Life being unfair does not mean that the people affected will always be "dealt a bad hand". Life could be unfairly advantageous, giving them more than they deserve or expect, but the harsher side does exist, and life can cheat people and cut short what is owed them. As I went through the school system, I saw many examples of the negative side of life's unfairness. In 3rd grade, my class got into trouble because two kids were running around during lunch time, just as the teacher walked into the room. I didn't see the kids misbehaving because I was engrossed in a game of Connect Four. Not wanting to be punished for something I had no part of, I told my story to the teacher. Needless to say, she didn't believe me, and that became my earliest memory of realizing that truth depends on who believes you, whether it is fair or not. Similar experiences occurred throughout elementary school, and I learned to deal with them just as everyone else does, but never had I witnessed life's unfairness as harshly as I did in 7th grade when our school experienced its first suicide.

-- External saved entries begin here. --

Lemma placement_ratio_le_dist_euclid b :
  (eratio (sc (placement b) (q1 alpha) A1) (sc (placement b) (q1 alpha) A2)
   <= dist_euclid alpha sigma A1)%E.
Proof.
have u1_gt0 : 0 < u - 1 by lra_alpha.
have n2_ge0 : 0 <= n2.
  by apply: sumr_ge0 => i _; rewrite /in_N2; case: (sigma i) => [[] []].
have [n2_0|n2_gt0] : n2 = 0 \/ 0 < n2 by lra.
  apply: le_trans (perturbed_ratio_le_dist_euclid b (s := u - 1) _); last by lra.
  have s_range : 0 <= u - 1 <= u - 1 by lra.
  by rewrite !sc_perturbed // n2_0 !mulr0 !addr0 le_max lexx.
have G_gt0 : 0 < sc (placement b) (q1 alpha) A2.
  apply: lt_le_trans (n2_le_placement_A2 b); apply: mulr_gt0 => //.
  by rewrite /placement_dist; case: b => /=; lra_alpha.
rewrite /eratio (gt_eqF G_gt0); apply: EFin_le_ereal_sup => r r_lt.
have [s s_range close] := exists_small_perturbation G_gt0 (ltW n2_gt0) u1_gt0 r_lt.
apply: le_trans (perturbed_ratio_le_dist_euclid b s_range).
rewrite le_max; apply/orP; left.
have s_range' : 0 <= s <= u - 1 by lra.
have sn2_ge0 : 0 <= s * n2 by apply: mulr_ge0; lra.
have shift_ge : - (s * n2) <= shift b A1 s * n2.
  by rewrite /shift; case: (b) => /=; rewrite ?mulNr; lra.
have Zs_gt0 : 0 < sc (placement b) (q1 alpha) A2 + s * n2 by lra.
rewrite !sc_perturbed // (_ : shift b A2 s = s); last by case: (b).
by rewrite /eratio (gt_eqF Zs_gt0) lee_fin ler_pdivlMr //; lra.
Qed.

End Election.

Theorem lemma5 (R : realType) (n : nat) (alpha : R) (sigma : 'I_n -> report)
    (halpha : 0 < alpha < 1) :
  dist_euclid alpha sigma A1 =
  Order.max
    (eratio (sc (p1 alpha sigma) (q1 alpha) A1) (sc (p1 alpha sigma) (q1 alpha) A2))
    (Order.max
      (eratio (sc (p2 alpha sigma) (q2 alpha) A1) (sc (p2 alpha sigma) (q2 alpha) A2))
      1%E).
Proof.
case/andP: halpha => alpha_gt0 alpha_lt1.
apply/eqP; rewrite eq_le; apply/andP; split.
  apply: ge_ereal_sup => _ [p [q [pq_cons ->]]].
  rewrite eratio_min ?sc_ge0 // ge_max.
  rewrite (ratio_le_placements alpha_gt0 alpha_lt1 pq_cons).
  by rewrite !le_max lexx !orbT.
rewrite !ge_max (one_le_dist_euclid _ alpha_gt0 alpha_lt1).
by rewrite (placement_ratio_le_dist_euclid _ alpha_gt0 alpha_lt1 true)
  (placement_ratio_le_dist_euclid _ alpha_gt0 alpha_lt1 false).
Qed.
(* Let $a\in[-1,1)$ and $\psi_a=\mathds{1}_{[a,1]}$ on $[-1,1]$ (i.e. $\psi_a(t)=0$ for $t\in[-1,a)$ and $\psi_a(t)=1$ for $t\in[a,1]$). Write $P_{\mathcal{A}_+}(\psi_a)=\sum_{n=0}^\infty c_nt^n$ with $c_n\ge0$, and let $S(a)=\{n\in\mathbb{N}: c_n>0\}$. Then $S(a)=\{0,1,2\}$ if and only if $0<a\le\frac{1}{\sqrt5}$. Moreover, for every $a\in(0,1/\sqrt5]$, \[ P_{\mathcal{A}_+}(\psi_a)=\frac18(4-9a+5a^3)+\frac34(1-a^2)t+\frac{15}{8}(a-a^3)t^2. \]
   Context: $\mathbb{N}=\{0,1,2,\dots\}$. $\mathcal{A}_+=\{\sum_{n=0}^\infty a_nt^n : a_n\ge0,\ \text{the series converges in }L^2([-1,1])\}$ (real $L^2$ for Lebesgue measure, convergence of partial sums); it is a closed convex cone, $P_{\mathcal{A}_+}$ denotes the metric projection onto it (the unique nearest point), and every element of $\mathcal{A}_+$ has a unique representation $\sum_n c_nt^n$ with $c_n\ge0$, so $S(a)$ is well defined. *)

From HB Require Import structures.
From mathcomp Require Import all_boot all_order all_algebra.
From mathcomp Require Import all_classical all_reals all_analysis.
Set Implicit Arguments. Unset Strict Implicit. Unset Printing Implicit Defensive.
Import Order.TTheory GRing.Theory Num.Theory.
Local Open Scope classical_set_scope.
Local Open Scope ring_scope.

Section Defs.
Variable R : realType.

Definition I11 : set R := `[(-1)%R, 1%R].

Definition L2sq (g : R -> R) : \bar R :=
  (\int[@lebesgue_measure R]_(x in I11) ((g x) ^+ 2)%:E)%E.

Definition isL2 (g : R -> R) : Prop :=
  measurable_fun I11 g /\ (L2sq g < +oo)%E.

Definition psum (c : nat -> R) (N : nat) (t : R) : R :=
  \sum_(0 <= n < N) c n * t ^+ n.

(* f is the L^2([-1,1]) limit of the series sum c_n t^n with all c_n >= 0,
   i.e. f (as an L^2 class) belongs to the cone A_+ with coefficients c *)
Definition Aplus_rep (c : nat -> R) (f : R -> R) : Prop :=
  (forall n, 0 <= c n) /\ isL2 f /\
  ((fun N => L2sq (fun t => (psum c N t - f t)%R)) @ \oo --> 0%E).

(* c is the coefficient sequence of the metric projection P_{A_+}(psi):
   the series with coefficients c converges in L^2 to some f in A_+ which
   is a nearest point of A_+ to psi. *)
Definition proj_coeffs (psi : R -> R) (c : nat -> R) : Prop :=
  exists f, Aplus_rep c f /\
    forall c' f', Aplus_rep c' f' ->
      (L2sq (fun t => (psi t - f t)%R) <= L2sq (fun t => (psi t - f' t)%R))%E.

Definition psi (a : R) (t : R) : R := if a <= t then 1 else 0.

Definition supp (c : nat -> R) : set nat := [set n | 0 < c n].

End Defs.

From HB Require Import structures.
From mathcomp Require Import all_boot all_order all_algebra.
From mathcomp Require Import all_classical all_reals all_analysis.
From mathcomp Require Import measurable_realfun.
From mathcomp Require Import lra ring.
Set Implicit Arguments. Unset Strict Implicit. Unset Printing Implicit Defensive.
Import Order.TTheory GRing.Theory Num.Theory.
Import numFieldNormedType.Exports.
Local Open Scope classical_set_scope.
Local Open Scope ring_scope.

(* The projection f = P_{A_+}(g) onto the closed convex cone A_+ is
   characterised by variational inequalities: with u = g - f, one has
   <u, t^n> <= 0 for all n, with equality whenever c_n > 0, and <u, f> >= 0;
   conversely an element of A_+ satisfying them coincides with f. For
   g = psi_a every inner product is a combination of the moments
   int_{-1}^1 t^k and int_a^1 t^k. If S(a) = {0,1,2}, the equalities for
   n <= 2 determine c_0, c_1, c_2, and c_2 > 0 together with the inequality
   for n = 3 force 0 < a and 5 a^2 <= 1. Conversely, for such a the quadratic
   q with the stated coefficients lies in A_+, its residual moments vanish for
   n <= 2, are nonpositive for n = 3 and negative for n >= 4; hence q = f,
   c_n = 0 for n >= 4, and the invertibility of the Gram matrix of
   1, t, t^2, t^3 identifies c_0, ..., c_3. *)

Lemma le0_of_small (R : realFieldType) (x K d : R) : 0 < d ->
  (forall e, 0 < e -> e < d -> x <= e * K) -> x <= 0.
Proof.
move=> d0 H; rewrite leNgt; apply/negP => x0.
have K1 : 0 < `|K| + 1 by rewrite ltr_wpDl.
pose e := Num.min (d / 2) (x / (`|K| + 1)).
have e0 : 0 < e by rewrite lt_min !divr_gt0.
have ed : e < d by rewrite gt_min ltr_pdivrMr //; lra.
have ex : e * (`|K| + 1) <= x by rewrite -ler_pdivlMr // ge_min lexx orbT.
have := H e e0 ed; have : e * K <= e * `|K| by rewrite ler_pM2l // ler_norm.
nra.
Qed.

Lemma big_nat3 (V : nmodType) (F : nat -> V) :
  \sum_(0 <= j < 3) F j = F 0%N + F 1%N + F 2%N.
Proof. by rewrite !big_nat_recr //= big_geq // add0r. Qed.

Lemma big_nat4 (V : nmodType) (F : nat -> V) :
  \sum_(0 <= j < 4) F j = F 0%N + F 1%N + F 2%N + F 3%N.
Proof. by rewrite big_nat_recr //= big_nat3. Qed.

Section Moments.
Variable R : realFieldType.

Definition moment (k : nat) : R := (1 - (-1) ^+ k.+1) / k.+1%:R.

Definition psi_moment (a : R) (k : nat) : R := (1 - a ^+ k.+1) / k.+1%:R.

(* The L^2([-1,1]) inner product of psi_a - sum_(j < K) d_j t^j with t^n,
   see [dotL2_resid]. *)
Definition resid_moment (a : R) (d : nat -> R) (K n : nat) : R :=
  psi_moment a n - \sum_(0 <= j < K) d j * moment (j + n).

Definition proj_coef (a : R) (n : nat) : R :=
  match n with
  | 0 => (4 - 9 * a + 5 * a ^+ 3) / 8
  | 1 => 3 / 4 * (1 - a ^+ 2)
  | 2 => 15 / 8 * (a - a ^+ 3)
  | _ => 0
  end.

Lemma moment_even m : moment m.*2 = 2 / (m.*2).+1%:R.
Proof. by rewrite /moment -signr_odd /= odd_double /= expr1 opprK. Qed.

Lemma moment_odd m : moment m.*2.+1 = 0.
Proof. by rewrite /moment -signr_odd /= odd_double /= expr0 subrr mul0r. Qed.

Lemma moment_table :
  [/\ moment 0 = 2, moment 2 = 2 / 3, moment 4 = 2 / 5 & moment 6 = 2 / 7].
Proof.
by rewrite (moment_even 0) (moment_even 1) (moment_even 2) (moment_even 3) divr1.
Qed.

I didn't personally know the 8th grader, I only knew that his name was Joe. He was friends with the popular kids and his pretty girlfriend had recently broken up with him. I don't know the details of how he got a gun, but he had one that fatal night. While he was on the telephone with his girlfriend, trying to win her back, he was threatening suicide and playing with his gun. While in mid-sentence, he unintentionally shot himself in the head. His parents went to his room and found his blood splattered around the room and their son dead. I don't know for sure if the suicide was unintentional, but his friends and his ex-girlfriend all claim he was not suicidal and the fact that he was in the middle of a conversation on the phone, also point to the theory he did not want to kill himself when he did. Whether or not it was truly intentional does not make a difference because I believe it was unintentional, and that event taught me again that life can be unjust. Joe did not want to die, but because of an unfortunate mistake, his life was taken from him. Being part of the school system, I was exposed to more of the realities of the world and the unjust circumstances people within this community experienced.

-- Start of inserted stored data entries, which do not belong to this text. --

Lemma hanging_word_solution t :
  n = 2 ^ t.+1 -> hanging_solution (n - 2) (hanging_word t 0).
Proof.
move=> n_eq; split; first by apply: freely_reduced_hanging_word; rewrite n_eq.
move=> S; set w := hanging_word t 0; set p : pred 'I_n := fun j => j \notin S.
have -> : restrict S w = reduce (filter_nails p w) by [].
have count_iota q : count (preim nail q) (iota 0 (2 ^ t.+1)) = #|q|.
  by rewrite -n_eq count_preim_nail.
have card_p : #|p| = n - #|S|.
  have -> : #|p| = #|~: S| by apply: eq_card => j; rewrite in_setC.
  by rewrite (cardsCs (~: S)) setCK card_ord.
split=> [w0|le_S].
  rewrite leqNgt; apply/negP => lt_S.
  have /card_geqP[s [uniq_s size_s sub_s]] : 3 <= #|p| by lia.
  pose q : pred 'I_n := fun j => j \in s.
  have filter_qp : filter_nails q (filter_nails p w) = filter_nails q w.
    rewrite /filter_nails -filter_predI; apply: eq_filter => x /=.
    by apply/andb_idr => /sub_s.
  have : reduce (filter_nails q w) = [::].
    by rewrite -filter_qp -reduce_filter_nails w0.
  apply/eqP; apply: reduce_filter_hanging_word_neq0; first by rewrite n_eq.
  by rewrite count_iota -size_s -(card_uniqP uniq_s).
by apply: reduce_filter_hanging_word_eq0; rewrite count_iota; lia.
Qed.

End HangingWord.

Theorem theorem4 (i : nat) (hi : 1 <= i) :
  exists w : seq (letter (2 ^ i)),
    hanging_solution (2 ^ i - 2) w /\ size w = 6 * 2 ^ i * (i - 1).
Proof.
case: i hi => // t _.
have d : 'I_(2 ^ t.+1) by exists 0; rewrite expn_gt0.
exists (hanging_word d t 0); split; first exact: hanging_word_solution.
by rewrite size_hanging_word subn1.
Qed.
(* Let $\Sigma$ be a set of prime numbers, $S$ the multiplicative submonoid of $\mathbb{N}$ generated by $\Sigma$, and $\mathbb{Z}[S^{-1}]\subset\mathbb{Q}$ the corresponding localization. Let $M$ be a locally compact topological $\mathbb{Z}[S^{-1}]$-module. Then $M$ is compactly generated if and only if its Pontryagin dual $\widehat{M}$ has the no small submodules property.
   Context: All topological modules are Hausdorff; $\mathbb{Z}[S^{-1}]$ is discrete; a locally compact topological $\mathbb{Z}[S^{-1}]$-module is a locally compact abelian group with a $\mathbb{Z}[S^{-1}]$-module structure with continuous scalar multiplication. $M$ is compactly generated if it is the submodule generated by some compact subset. $\widehat{M}$ is the group of continuous homomorphisms $M\to\mathbb{S}^1$ with the compact-open topology, a topological $\mathbb{Z}[S^{-1}]$-module via $\chi^r(m)=\chi(rm)$. A topological module has the no small submodules property if some neighbourhood of $0$ contains no nonzero submodule. *)

From HB Require Import structures.
From mathcomp Require Import all_boot all_order all_algebra.
From mathcomp Require Import boolp classical_sets functions reals.
From mathcomp Require Import topology.
From mathcomp Require Import Rstruct.
From mathcomp Require Import ring lra.
(* For $j=1,\dots,J$ let $X_j\in\mathbb{R}^{n_j\times m}$ have reduced singular value decomposition $X_j=P_j\Sigma_jQ_j^T$, where $P_j\in\mathbb{R}^{n_j\times r_j}$ and $Q_j\in\mathbb{R}^{m\times r_j}$ have orthonormal columns and $\Sigma_j\in\mathbb{R}^{r_j\times r_j}$ is diagonal with positive diagonal entries. Set $A_j=P_j^T\in\mathbb{R}^{r_j\times n_j}$ and $B_j=-\Sigma_j^{-1}Q_j^T\in\mathbb{R}^{r_j\times m}$, and fix a positive integer $\ell$. Consider the problem $$\min_{W_1,\dots,W_J,Z}\ \sum_{j=1}^J\|W_j\|_1\quad\text{s.t.}\quad A_jW_j+B_jZ=0\ (j=1,\dots,J),\qquad Z^TZ=I_\ell,$$ over $W_j\in\mathbb{R}^{n_j\times\ell}$, $Z\in\mathbb{R}^{m\times\ell}$. Let $(W_1^*,\dots,W_J^*,Z^* )$ be a local minimizer of this problem. Then there exist matrices $\Lambda^*_{1,j}\in\mathbb{R}^{r_j\times\ell}$ ($j=1,\dots,J$) and $\Lambda^*_2\in\mathbb{R}^{\ell\times\ell}$ such that for each $j=1,\dots,J$: $$A_j^T\Lambda^*_{1,j}\in\partial\|W_j^*\|_1,\qquad \sum_{j=1}^J B_j^T\Lambda^*_{1,j}+Z^*\Lambda^*_2=0,\qquad A_jW_j^*+B_jZ^*=0,\qquad (Z^* )^TZ^*=I_\ell.$$
   Context: For a matrix $W$, $\|W\|_1$ denotes the sum of the $\ell_1$ norms of its columns, i.e. the sum of the absolute values of all its entries. $\partial\|W\|_1$ denotes the (convex) subdifferential of the function $\|\cdot\|_1$ at $W$, with matrices paired via the trace inner product $\langle U,V\rangle=\mathrm{Trace}(U^TV)$. *)

From HB Require Import structures.
From mathcomp Require Import all_boot all_order all_algebra.
From mathcomp Require Import reals.
Set Implicit Arguments. Unset Strict Implicit. Unset Printing Implicit Defensive.
Import Order.TTheory GRing.Theory Num.Theory.
Local Open Scope ring_scope.
Lemma invmxA : mxA^-1 = mx2 0 1 (-1) x.
Proof. by rewrite invmx2; [congr mx2; ring | ring]. Qed.
Lemma invmxB : mxB^-1 = mx2 (y - p) 1 (p * (y - p) - 1) p.
Proof. by rewrite invmx2; [congr mx2; ring | ring]. Qed.

Local Notation evalw := (evalw mxA mxB).

Ltac expand_mx2 :=
  rewrite /= ?mulr1 ?invmxA ?invmxB /mxA /mxB ?mx2_arith /zpar.

Lemma mxtrace_aVb : \tr (evalw [:: La; LbI]) = zpar.
Proof. by expand_mx2; ring. Qed.
Lemma mxtrace_Vab : \tr (evalw [:: LaI; Lb]) = zpar.
Proof. by expand_mx2; ring. Qed.
Lemma mxtrace_Vba : \tr (evalw [:: LbI; La]) = zpar.
Proof. by expand_mx2; ring. Qed.
Lemma mxtrace_bVa : \tr (evalw [:: Lb; LaI]) = zpar.
Proof. by expand_mx2; ring. Qed.

Ltac expand_words :=
  rewrite !evalw_cat !(evalw_wpow det_mxA det_mxB)
    ?mxtrace_aVb ?mxtrace_Vab ?mxtrace_Vba ?mxtrace_bVa cheb_sub2.

Lemma mxtrace_wk : \tr (evalw (wk m)) = tpar m x y zpar.
Proof.
rewrite /wk /tpar; expand_words.
move: (cheb m zpar) (cheb (m - 1) zpar) => u v.
by expand_mx2; ring.
Qed.

Lemma mxtrace_wkrev : \tr (evalw (wkrev m)) = tpar m x y zpar.
Proof.
rewrite /wkrev /tpar; expand_words.
move: (cheb m zpar) (cheb (m - 1) zpar) => u v.
by expand_mx2; ring.
Qed.

Lemma mxtrace_sub_pow :
  \tr (evalw (wpow [:: La; LbI] m ++ [:: La; Lb]))
  - \tr (evalw ([:: La; Lb] ++ wpow [:: LbI; La] m))
  = kappa x y zpar * cheb (m - 1) zpar.
Proof.
expand_words; move: (cheb m zpar) (cheb (m - 1) zpar) => u v.
by rewrite /kappa; expand_mx2; ring.
Qed.

Lemma mxtrace_sub_wk_pow :
  \tr (evalw (wk m ++ wpow [:: La; LbI] m ++ [:: La; Lb]))
  - \tr (evalw (wkrev m ++ [:: La; Lb] ++ wpow [:: LbI; La] m))
  = kappa x y zpar * (tpar m x y zpar * cheb (m - 1) zpar - cheb m zpar).
Proof.
rewrite /wk /wkrev /tpar; expand_words.
have := cheb_cassini m zpar.
move: (cheb m zpar) (cheb (m - 1) zpar) => u v cassini.
(* Multiplying u by the Cassini form makes both sides homogeneous cubics in (u, v). *)
transitivity (kappa x y zpar *
  (((x * u - y * v) * (y * u - x * v) - zpar * (u ^+ 2 + v ^+ 2) + 4 * u * v) * v
   - u * (u ^+ 2 - zpar * u * v + v ^+ 2))).
  by rewrite /kappa; expand_mx2; ring.
by rewrite cassini mulr1.
Qed.

Lemma mxtrace_rab_sub n :
  \tr (evalw (rword m n ++ [:: La; Lb]))
  - \tr (evalw (wrev (rword m n) ++ [:: La; Lb]))
  = kappa x y zpar * (cheb n (tpar m x y zpar) * cheb (m - 1) zpar
                      - cheb (n - 1) (tpar m x y zpar) * cheb m zpar).
Proof.
have rab : \tr (evalw (rword m n ++ [:: La; Lb])) =
    cheb (n - 1) (tpar m x y zpar)
      * \tr (evalw (wk m ++ wpow [:: La; LbI] m ++ [:: La; Lb]))
    - cheb (n - 2) (tpar m x y zpar)
      * \tr (evalw (wpow [:: La; LbI] m ++ [:: La; Lb])).
  by rewrite /rword -catA (mxtrace_evalw_wpow_cat det_mxA det_mxB) mxtrace_wk.
have rrab : \tr (evalw (wrev (rword m n) ++ [:: La; Lb])) =
    cheb (n - 1) (tpar m x y zpar)
      * \tr (evalw (wkrev m ++ [:: La; Lb] ++ wpow [:: LbI; La] m))
    - cheb (n - 2) (tpar m x y zpar)
      * \tr (evalw ([:: La; Lb] ++ wpow [:: LbI; La] m)).
  rewrite wrev_rword -catA mxtrace_evalw_catC -catA.
  by rewrite (mxtrace_evalw_wpow_cat det_mxA det_mxB) mxtrace_wkrev.
rewrite rab rrab (cheb_sub2 n).
move: mxtrace_sub_wk_pow mxtrace_sub_pow.
set X1 := \tr (evalw (wk m ++ _)); set Y1 := \tr (evalw (wkrev m ++ _)).
set X0 := \tr (evalw (wpow _ m ++ _)); set Y0 := \tr (evalw ([:: La; Lb] ++ _)).
move=> /(canRL (subrK Y1)) -> /(canRL (subrK Y0)) ->.
by rewrite /kappa; ring.
Qed.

Although life hands out many bad experiences, I did encounter ways in which life treats people undeservingly well at times. I saw that life's unfairness could sometimes benefit me. My senior year I played in the school orchestra. Since I was a senior, my orchestra director decided I should have a solo at the annual Festivals of Music competition. I was totally undeserving of this honor and responsibility. Whenever I practiced at home, my dad would complain of a headache and make me go into the basement. My brother constantly threatened to turn my violin into fodder for our fireplace. Playing the violin was clearly not my forte, and other more junior members of the orchestra could have played the solo just as well if not better than I did. After the competition, I bought a recording of the concert, and while listening, cringed with each incorrect note I had so proudly played. Although I was undeserving of the solo, life had
shown me some generosity, and unfairly allowed me to represent our orchestra at the competition.
I could have learned the lesson that life is unfair another way at another place, but because school was the first institution that overtook my life, it was the means by which I learned my first life lessons and learned how to deal with them. This lesson is the most important to me because it taught me an aspect of the "real world" that I would have to deal with for the rest of my life. It was also one of the harshest lessons I had to first learn and has shaped how I view my experiences today. I learned that I must take life with a grain of salt because things may not always go my way. However, sometimes life does goes unfairly in my favor, so I try to remember to be thankful when that happens.。